The latest Residential Land Report provided by the Housing Industry Association and RP Data is signalling only modest improvements in new home building activity in 2013.

According to RP Data's research director Tim Lawless, land sales are broadly starting to head in the right direction however, affordability constraints, particularly in capital city markets may limit the extent of the recovery.

"The consecutive quarterly increases in land sales are certainly encouraging, albeit the rate of growth has slowed from 11.9 per cent in the December 2012 quarter to 4.3 per cent in the March 2013 quarter.”

“With the increase in sales, there has also been a lift in land values, ongoing increases in the value of land may restict the extent of the recovery given the already restrictive land prices in certain regions, in particular capital city markets," said Mr Lawless.

"The March quarter update signals we are moving in the right direction, but as a key leading indicator land sales suggest the magnitude of a first stage new home building recovery will fall short of what the economy requires," added HIA Chief Economist, Harley Dale.

Mr Dale explained that any clear improving trends are limited to New South Wales and Western Australia, with WA being the only state to have achieved clear and consistent improvements in residental land sales over the past 18 months.

The Residential Land Report revealed that Sydney and Perth are the country's two most expensive land markets, and the two most highly taxed residential new home building markets in the country, a result that Mr Dale believes is due in large part to excessive taxes and charges related to land.
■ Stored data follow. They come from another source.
Lemma eq_mprod vs ms vs' ms' s : {in s, vs =1 vs'} -> {in s, ms =1 ms'} ->
  mprod vs ms s = mprod vs' ms' s.
Proof.
elim: s => [//|k s IH] hv hm /=; rewrite hv ?hm ?mem_head //.
by rewrite -/(mprod vs ms s) IH // => x hx; [apply: hv|apply: hm]; rewrite inE hx orbT.
Qed.

Lemma mprod_cat_eq0 vs ms s1 k s2 : vmode V (vs k) (ms k) (mprod vs ms s2) = 0 ->
  mprod vs ms (s1 ++ k :: s2) = 0.
Proof.
move=> h; rewrite /mprod foldr_cat /= -/(mprod vs ms s2) h.
by elim: s1 => [//|k1 s1 IH] /=; rewrite IH vmode0r.
Qed.

Lemma mprod_upd_notin vs ms k x y s : k \notin s ->
  mprod (upd vs k x) (upd ms k y) s = mprod vs ms s.
Proof.
by move=> hk; apply: eq_mprod => z hz; apply: upd_neq; apply: contraNneq hk => <-.
Qed.

Lemma mprod_commutator (u : V) (i : nat) vs ms s : uniq s ->
  vmode V u i%:Z (mprod vs ms s) = \sum_(k <- s) \sum_(j < i.+1) 'C(i, j)%:R *:
     mprod (upd vs k (vmode V u j%:Z (vs k))) (upd ms k (ms k + i%:Z - j%:Z)) s.
Proof.
elim: s => [|k s IH]; first by rewrite big_nil /mprod /= (proj2 (creation_prop u)).
rewrite cons_uniq => /andP[hk hs]; rewrite big_cons /= vmode_commutator.
rewrite -/(mprod vs ms s) IH // vmode_sumr addrC; congr (_ + _).
  apply: eq_bigr => j _; rewrite !upd_eq mprod_upd_notin //.
  by rewrite (addrC i%:Z).
apply: eq_big_seq => k' hk'.
have hne : k != k' by apply: contraNneq hk => ->.
by rewrite vmode_sumr; apply: eq_bigr => j _; rewrite vmodeZr !upd_neq.
Qed.

End ModeProducts.

Definition eventually_ge (P : int -> Prop) :=
  exists K : nat, forall x : int, K%:Z <= x -> P x.

Lemma eventually_and (P Q : int -> Prop) :
  eventually_ge P -> eventually_ge Q -> eventually_ge (fun x => P x /\ Q x).
Proof.
move=> [K1 h1] [K2 h2]; exists (maxn K1 K2) => x hx; split.
  by apply: h1; apply: le_trans hx; rewrite lez_nat leq_maxl.
by apply: h2; apply: le_trans hx; rewrite lez_nat leq_maxr.
Qed.

Lemma eventually_all (T : eqType) (s : seq T) (P : T -> int -> Prop) :
  (forall x, x \in s -> eventually_ge (P x)) ->
  eventually_ge (fun y => forall x, x \in s -> P x y).
Proof.
elim: s => [|a s IH] h; first by exists 0%N.
have [] := eventually_and (h a (mem_head a s)) (IH (fun x hx => h x (@mem_behead _ (a :: s) x hx))).
move=> K hK; exists K => y /hK[ha hs] x; rewrite inE => /orP[/eqP -> //|].
exact: hs.
Qed.

Lemma eventually_vmode0 (C : numFieldType) (V : VOA C) (u w : V) :
  eventually_ge (fun x => vmode V u x w = 0).
Proof.
have [N hN] := vmode_trunc u w; exists `|N|%N => x hx; apply: hN.
by apply: le_trans hx; rewrite abszE; exact: ler_norm.
Qed.

Section CorrelationIdentity.
Variables (C : numFieldType) (V : VOA C) (B : V -> V -> C).
Hypothesis hB : invariant_bilinear_form B.
Variables (u : V) (N : nat).
Hypotheses (hwt : has_weight N u) (hqp : quasiprimary u) (hN : (1 <= N)%N).
Variable f : nat -> int -> C.
Variables (t n : nat) (vs : 'I_n.+1 -> V) (e : 'I_n.+1 -> int).

Definition sites := enum 'I_n.+1.
Definition sites' := map (lift ord0) (enum 'I_n).

Lemma sitesE : sites = ord0 :: sites'.
Proof. exact: enum_ordSl. Qed.

Lemma sites_uniq : uniq sites.
Proof. exact: enum_uniq. Qed.

Lemma sites'_uniq : uniq sites'.
Proof. by have := sites_uniq; rewrite sitesE => /andP[]. Qed.

Lemma ord0_notin_sites' : ord0 \notin sites'.
Proof. by have := sites_uniq; rewrite sitesE => /andP[]. Qed.

Lemma mem_sites k : k \in sites.
Proof. exact: mem_enum. Qed.

Lemma sites'_neq0 k : k \in sites' -> k != ord0.
Proof. by move=> hk; apply: contraNneq ord0_notin_sites' => <-. Qed.

Lemma big_sites (M : nmodType) (F : 'I_n.+1 -> M) :
  \sum_(k <- sites) F k = F ord0 + \sum_(k <- sites') F k.
Proof. by rewrite sitesE big_cons. Qed.

Lemma big_sites' (M : nmodType) (F : 'I_n.+1 -> M) :
  \sum_(k < n.+1 | k != ord0) F k = \sum_(k <- sites') F k.
Proof.
rewrite big_mkcond big_ord_recl eqxx /sites' big_map big_enum /= add0r.
by apply: eq_bigl.
Qed.

Definition modes k := - e k - 1.
Definition m0 := modes ord0.
Definition vsu (j : nat) k := upd vs k (vmode V u j%:Z (vs k)).
Definition rest := mprod vs modes sites'.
Mr Harley Dale added that “Ensuring readily available and affordable land forms a crucial part of the wider policy challenge of addressing the excessive and inefficient tax and regulatory environment faced by the new home sector."

David Collyer, Campaign Manager for Prosper Australia, said that he believes HIA are correct to be agitating about Australia’s high land prices and low construction levels.

“Land affordability is strangling the entire Australian economy,” said Mr Collyer.

“Residential land prices have been bid up by planning restrictions, excessive debt, rampant speculation, poor infrastructure and our very bad tax laws.”

"This is a major employment sector whose economic importance is being highlighted by Treasury and government as the mining investment boom recedes.”

“Their pointing to land prices as the limiting factor should prompt government action to release more land, spend on transport links and boldly reform the tax system.”

“Simply removing Stamp Duty and funding this by also removing the principal place of residence exemption from State Land Tax would transform the equation for both builders and buyers,” Mr Collyer said.